<<<<

Lemma maximal_avoiding (V : M -> Prop) (a : M) :
  submod V -> ~ V a ->
  exists K : M -> Prop, [/\ submod K, (forall x, V x -> K x), ~ K a &
    forall W, submod W -> (forall x, K x -> W x) -> ~ W a -> forall x, W x -> K x].
Proof.
move=> subV nVa.
(* The empty predicate is admitted so that the empty chain has an upper bound. *)
pose P (W : M -> Prop) := (forall x, ~ W x) \/ [/\ submod W, (forall x, V x -> W x) & ~ W a].
have [A [PA Amax]] : exists A, P A /\ forall B, classical_sets.proper A B -> ~ P B.
  apply: classical_sets.Zorn_bigcup => F FP Ftot.
  case: (classic (exists X, F X /\ exists x, X x)) => [[X0 [FX0 ne0]]|hno]; last first.
    by left => x [X FX Xx]; apply: hno; exists X; split=> //; exists x.
  have goodX X : F X -> (exists x, X x) -> [/\ submod X, (forall x, V x -> X x) & ~ X a].
    by move=> FX [x Xx]; case: (FP X FX) => // h; case: (h x Xx).
  have [sX0 VX0 _] := goodX X0 FX0 ne0.
  right; split.
  - split; first by exists X0 => //; apply: (submod0 sX0).
    + move=> x y [X FX Xx] [Y FY Yy].
      have [sX _ _] := goodX X FX (ex_intro _ x Xx).
      have [sY _ _] := goodX Y FY (ex_intro _ y Yy).
      case: (Ftot X Y FX FY) => XY; first by exists Y => //; apply: (submodD sY (XY x Xx) Yy).
      by exists X => //; apply: (submodD sX Xx (XY y Yy)).
    + move=> r x [X FX Xx]; exists X => //.
      by have [sX _ _] := goodX X FX (ex_intro _ x Xx); apply: submodZ.
  - by move=> x Vx; exists X0 => //; apply: VX0.
  - by move=> [X FX Xa]; case: (goodX X FX (ex_intro _ a Xa)).
case: PA => [A0|[sA VA nAa]].
  exfalso; apply: (Amax V); last by right.
  by split=> [x /A0 //|VA]; apply: (A0 0); apply: VA; apply: (submod0 subV).
exists A; split=> // W sW AW nWa x Wx; apply: NNPP => nAx.
apply: (Amax W); last by right; split=> // y /VA /AW.
by split=> // AW'; apply: nAx; apply: AW'.
Qed.

(* Induction on generators: either [V + R a] is still proper, or [a] is the
   element to avoid, and a submodule maximal among those avoiding [a] is maximal. *)
Lemma fg_exists_maximal (V : M -> Prop) : fg M -> submod V -> (exists x, ~ V x) ->
  exists K, maximal_submod K /\ forall x, V x -> K x.
Proof.
move=> /fg_span [s hs] sV.
have : forall m, exists v y, [/\ V v, span s y & m = v + y].
  by move=> m; exists 0, m; split; rewrite ?add0r //; apply: (submod0 sV).
elim: s {hs} V sV => [|a s IH] V sV cover [x0 nVx0].
  by exfalso; apply: nVx0; have [v [y [Vv /= -> ->]]] := cover x0; rewrite addr0.
pose V2 x := exists v (r : R), V v /\ x = v + r *: a.
have sV2 : submod V2.
  split; first by exists 0, 0; split; [exact: (submod0 sV) | rewrite scale0r addr0].
  - move=> _ _ [v [r [Vv ->]]] [v' [r' [Vv' ->]]]; exists (v + v'), (r + r').
    by split; [exact: (submodD sV Vv Vv') | rewrite scalerDl addrACA].
  - move=> c _ [v [r [Vv ->]]]; exists (c *: v), (c * r).
    by split; [exact: (submodZ sV _ Vv) | rewrite scalerDr scalerA].
have VV2 x : V x -> V2 x by move=> Vx; exists x, 0; rewrite scale0r addr0.
case: (classic (exists x, ~ V2 x)) => [nV2|V2all].
  have [|K [maxK V2K]] := IH V2 sV2 _ nV2; last by exists K; split=> // x /VV2 /V2K.
  move=> m; have [v [_ [Vv [r [y [sy ->]]] ->]]] := cover m.
  by exists (v + r *: a), y; split; rewrite ?addrA //; exists v, r.
have {}V2all x : V2 x by apply: NNPP => nV2x; apply: V2all; exists x.
have nVa : ~ V a.
  move=> Va; apply: nVx0; have [v [r [Vv ->]]] := V2all x0.
  exact: (submodD sV Vv (submodZ sV _ Va)).
have [K [sK VK nKa Kmax]] := maximal_avoiding sV nVa.
exists K; split=> //; split=> //; first by exists a.
move=> W sW KW; case: (classic (W a)) => Wa; [right|left] => x.
  have [v [r [Vv ->]]] := V2all x.
  exact: (submodD sW (KW _ (VK _ Vv)) (submodZ sW _ Wa)).
by split; [exact: Kmax | exact: KW].
Qed.
End MaximalSubmodules.

Section TorsionClass.
Variables (R : nzRingType) (S : lmodType R -> Prop).
Hypothesis Ssimple : forall X, S X -> simple_mod X.

Lemma TS_quot (M : lmodType R) (U : M -> Prop) (HU : submod U) :
  TS S M -> TS S (quot_of HU).
Proof.
move=> TSM X XSX f; elim/qpi_ind => x.
by rewrite -qpiLE -[f _]/((f \o qpiL HU) x); apply: TSM.
Qed.

Lemma simple_TS_Scompl (X : lmodType R) : simple_mod X -> TS S X -> Scompl S X.
Proof.
move=> hX TSX; split=> // [[Y SY [f [g fK _]]]].
have [x /eqP] := hX.1; apply; apply: (can_inj fK).
by rewrite (TSX Y (simple_XS SY (Ssimple SY)) f x) linear0.
Qed.

Lemma top_in_add_TS (M : lmodType R) : top_in_add (Scompl S) M -> TS S M.
Proof.
move=> [N [pi [pi_surj pi_ker [n [X [iota [SX _ iota_onto _]]]]]]].
apply/(TS_simpleP Ssimple) => Y SY h m; apply/eqP; apply: NNPP => /negP hm0.
have [h' hh'] : exists h' : {linear N -> Y}, forall p, h' (pi p) = h p.
  apply: (hom_factor_surj pi_surj) => k /pi_ker radk.
  exact: radk _ (ker_maximal (Ssimple SY) (ex_intro _ m hm0)).
have [x ex] := iota_onto (pi m) I.
have : \sum_(i < n) (h' \o iota i) (x i) != 0 by rewrite -linear_sum -ex hh'.
move=> /sum_nonzero [i hi]; apply: (SX i).2; exists Y => //.
by apply: (@simple_hom_iso _ _ _ (h' \o iota i) (SX i).1 (Ssimple SY)); exists (x i).
Qed.

(* A map [h] from [P] to a module of [S] that does not factor through [pi] is
   nonzero at some [k] of [ker pi]; as the target is simple,
   [ker h + R k = P], so [ker h = P] because [ker pi] is superfluous. *)
Lemma projective_cover_TS (M P : lmodType R) (pi : {linear P -> M}) :
  TS S M -> projective_cover pi -> TS S P.
Proof.
move=> TSM [_ _ pi_surj superfluous]; apply/(TS_simpleP Ssimple) => Y SY h m.
apply/eqP; apply: NNPP => /negP hm0.
have [k [pik0 hk0]] : exists k, pi k = 0 /\ h k != 0.
  apply: NNPP => hno.
  have [|h' hh'] := hom_factor_surj pi_surj (g := h).
    move=> k pik0; apply/eqP; apply: NNPP => /negP hk0; apply: hno; exists k.
    by split=> //; apply/negP.
  by move/negP: hm0; apply; rewrite -hh' (proj1 (TS_simpleP Ssimple M) TSM Y SY h').
have h0 : forall p, h p = 0.
  apply: (superfluous _ (submod_ker h)) => p.
  have [r hr] := simple_cyclic (Ssimple SY) hk0 (h p).
  exists (p - r *: k), (r *: k); split; last by rewrite subrK.
    by rewrite linearB linearZ_LR -hr subrr.
  by rewrite linearZ_LR pik0 scaler0.
by rewrite h0 eqxx in hm0.
Qed.
End TorsionClass.

Section MaximalQuotients.
Variables (R : nzRingType) (M : lmodType R).

Lemma maximal_submod_submod (U : M -> Prop) : maximal_submod U -> submod U.
Proof. by case. Qed.

Lemma submod_rad : submod (@Defs.rad R M).
Proof. by apply: submod_bigI => U; apply: submod_bigI => /maximal_submod_submod. Qed.

Lemma quot_maximal_simple (U : M -> Prop) (HU : submod U) :
  maximal_submod U -> simple_mod (quot_of HU).
Proof.
move=> [_ [x nUx] Umax]; split; first by exists (qpi HU x); apply/negP => /eqP /qpi_eq0.
move=> V hV; have hV' := submod_preim (qpiL HU) hV.
have UV' y : U y -> V (qpiL HU y).
  by move=> /(qpi_eq0 HU) Uy; rewrite qpiLE Uy; apply: submod0 hV.
case: (Umax _ hV' UV') => eV; [left|right]; elim/qpi_ind => y; rewrite -qpiLE.
  by move=> /eV /(qpi_eq0 HU).
exact: eV.
Qed.

Lemma maximal_cover (U W : M -> Prop) :
  maximal_submod U -> submod W -> (exists w, W w /\ ~ U w) ->
  forall m, exists w, W w /\ U (m - w).
Proof.
move=> [hU _ Umax] hW [w0 [Ww0 nUw0]] m.
have UV x : U x -> exists u w, [/\ U u, W w & x = u + w].
  by move=> Ux; exists x, 0; split; rewrite ?addr0 //; apply: submod0 hW.
case: (Umax _ (submod_add hU hW) UV) => [eV|/(_ m) [u [w [Uu Ww ->]]]].
  exfalso; apply: nUw0; apply/eV; exists 0, w0.
  by split; rewrite ?add0r //; apply: submod0 hU.
by exists w; rewrite addrK.
Qed.
End MaximalQuotients.

Section Radical.
Variable R : nzRingType.
Hypothesis Rart : left_artinian R.

Lemma rad_finite_meet (M : lmodType R) : fg M ->
  exists k (U : 'I_k -> M -> Prop),
    (forall j, maximal_submod (U j)) /\ forall x, (forall j, U j x) -> Defs.rad x.
Proof.
move=> fgM.
pose P V := exists k (U : 'I_k -> M -> Prop),
  (forall j, maximal_submod (U j)) /\ forall x, V x <-> forall j, U j x.
have subP V : P V -> submod V.
  move=> [k [U [maxU eV]]]; apply: submod_ext (fun x => iff_sym (eV x)) _.
  by apply: submod_bigI => j; apply: maximal_submod_submod.
have PT : P (fun _ => True) by exists 0%N, (fun _ _ => True); split=> [[]|] //.
have [V [[k [U [maxU eV]]] Vmin]] := dcc_minimal (dcc_fg Rart fgM) subP (ex_intro _ _ PT).
exists k, U; split=> // x /eV Vx W maxW.
pose UW (i : 'I_k.+1) := if unlift ord_max i is Some j then U j else W.
have PVW : P (fun y => V y /\ W y).
  exists k.+1, UW; split=> [i|y]; first by rewrite /UW; case: unliftP.
  split=> [[/eV Uy Wy] i|UWy]; first by rewrite /UW; case: unliftP.
  split; last by have := UWy ord_max; rewrite /UW unlift_none.
  by apply/eV => j; have := UWy (lift ord_max j); rewrite /UW liftK.
by have [] := Vmin _ PVW (fun y h => h.1) x Vx.
Qed.

(* A shortest such family is irredundant: dropping [U j] would still cut out [rad]. *)
Lemma rad_irredundant_meet (M : lmodType R) : fg M ->
  exists k (U : 'I_k -> M -> Prop), [/\ forall j, maximal_submod (U j),
    forall x, Defs.rad x <-> (forall j, U j x) &
    forall j, exists x, (forall i, i != j -> U i x) /\ ~ U j x].
Proof.
move=> fgM; have [k [[U [maxU Urad]] kmin]] := ex_min_nat (rad_finite_meet fgM).
exists k, U; split=> // [x|j]; first by split=> [radx j|/Urad //]; apply: radx.
apply: NNPP => noj; apply: (kmin k.-1).
  by rewrite ltn_predL (leq_ltn_trans (leq0n j) (ltn_ord j)).
exists (fun i => U (lift j i)); split=> // x Ux; apply: Urad => i.
case: (unliftP j i) => [i' ->|->] //; apply: NNPP => nUjx; apply: noj; exists x.
by split=> // i0; rewrite eq_sym => /unlift_some [i1 -> _].
Qed.
End Radical.

(* Chinese remainder theorem: if [U j + meet_(i != j) U i = M] for every [j],
   then [M / meet_j U j] is the direct sum of the [M / U j]. *)
Section ChineseRemainder.
Variables (R : nzRingType) (M : lmodType R) (k : nat) (U : 'I_k -> M -> Prop).
Hypothesis hU : forall j, submod (U j).
Variables (D : M -> Prop) (HD : submod D).
Hypothesis D_meet : forall x, D x <-> forall j, U j x.

Definition others (j : 'I_k) x := forall i, i != j -> U i x.

Lemma submod_others j : submod (others j).
Proof. by apply: submod_bigI => i; apply: submod_bigI => _; apply: hU. Qed.

Hypothesis cover : forall j m, exists w, others j w /\ U j (m - w).

Definition crt_sel (j : 'I_k) m := epsilon (inhabits 0) (fun w => others j w /\ U j (m - w)).

Lemma crt_selP j m : others j (crt_sel j m) /\ U j (m - crt_sel j m).
Proof. exact: (epsilon_spec (inhabits 0) (fun w => others j w /\ U j (m - w)) (cover j m)). Qed.

Lemma crt_sel_eq j x y : others j y -> U j (x - y) -> qpi HD (crt_sel j x) = qpi HD y.
Proof.
move=> oy Uxy; have [osel Usel] := crt_selP j x.
apply/qpi_eqP/D_meet => i; case: (eqVneq i j) => [->|ij]; last first.
  exact: (submodB (hU i) (osel i ij) (oy i ij)).
by have := submodB (hU j) Uxy Usel; rewrite opprB addrC addrA subrK.
Qed.

Lemma crt_sel_sum j (t : 'I_k -> M) :
  U j (\sum_i crt_sel i (t i) - crt_sel j (t j)).
Proof.
rewrite (bigD1 j) //= addrAC subrr add0r; apply: (submod_sum _ (hU j)) => i ij.
by apply: (crt_selP i (t i)).1; rewrite eq_sym.
Qed.

Definition crt_inj (j : 'I_k) (q : quot_of (hU j)) := qpi HD (crt_sel j (val q)).
Arguments crt_inj : clear implicits.

Lemma crt_inj_qpi j x : crt_inj j (qpi (hU j) x) = qpi HD (crt_sel j x).
Proof.
apply: crt_sel_eq; first exact: (crt_selP j x).1.
by have := submodD (hU j) (qpi_valB (hU j) x) (crt_selP j x).2; rewrite addrA subrK.
Qed.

>>>>

Problem details
Among the lines above, find those holding "Amax" and copy each one.

The answer
have [A [PA Amax]] : exists A, P A /\ forall B, classical_sets.proper A B -> ~ P B.
  exfalso; apply: (Amax V); last by right.
apply: (Amax W); last by right; split=> // y /VA /AW.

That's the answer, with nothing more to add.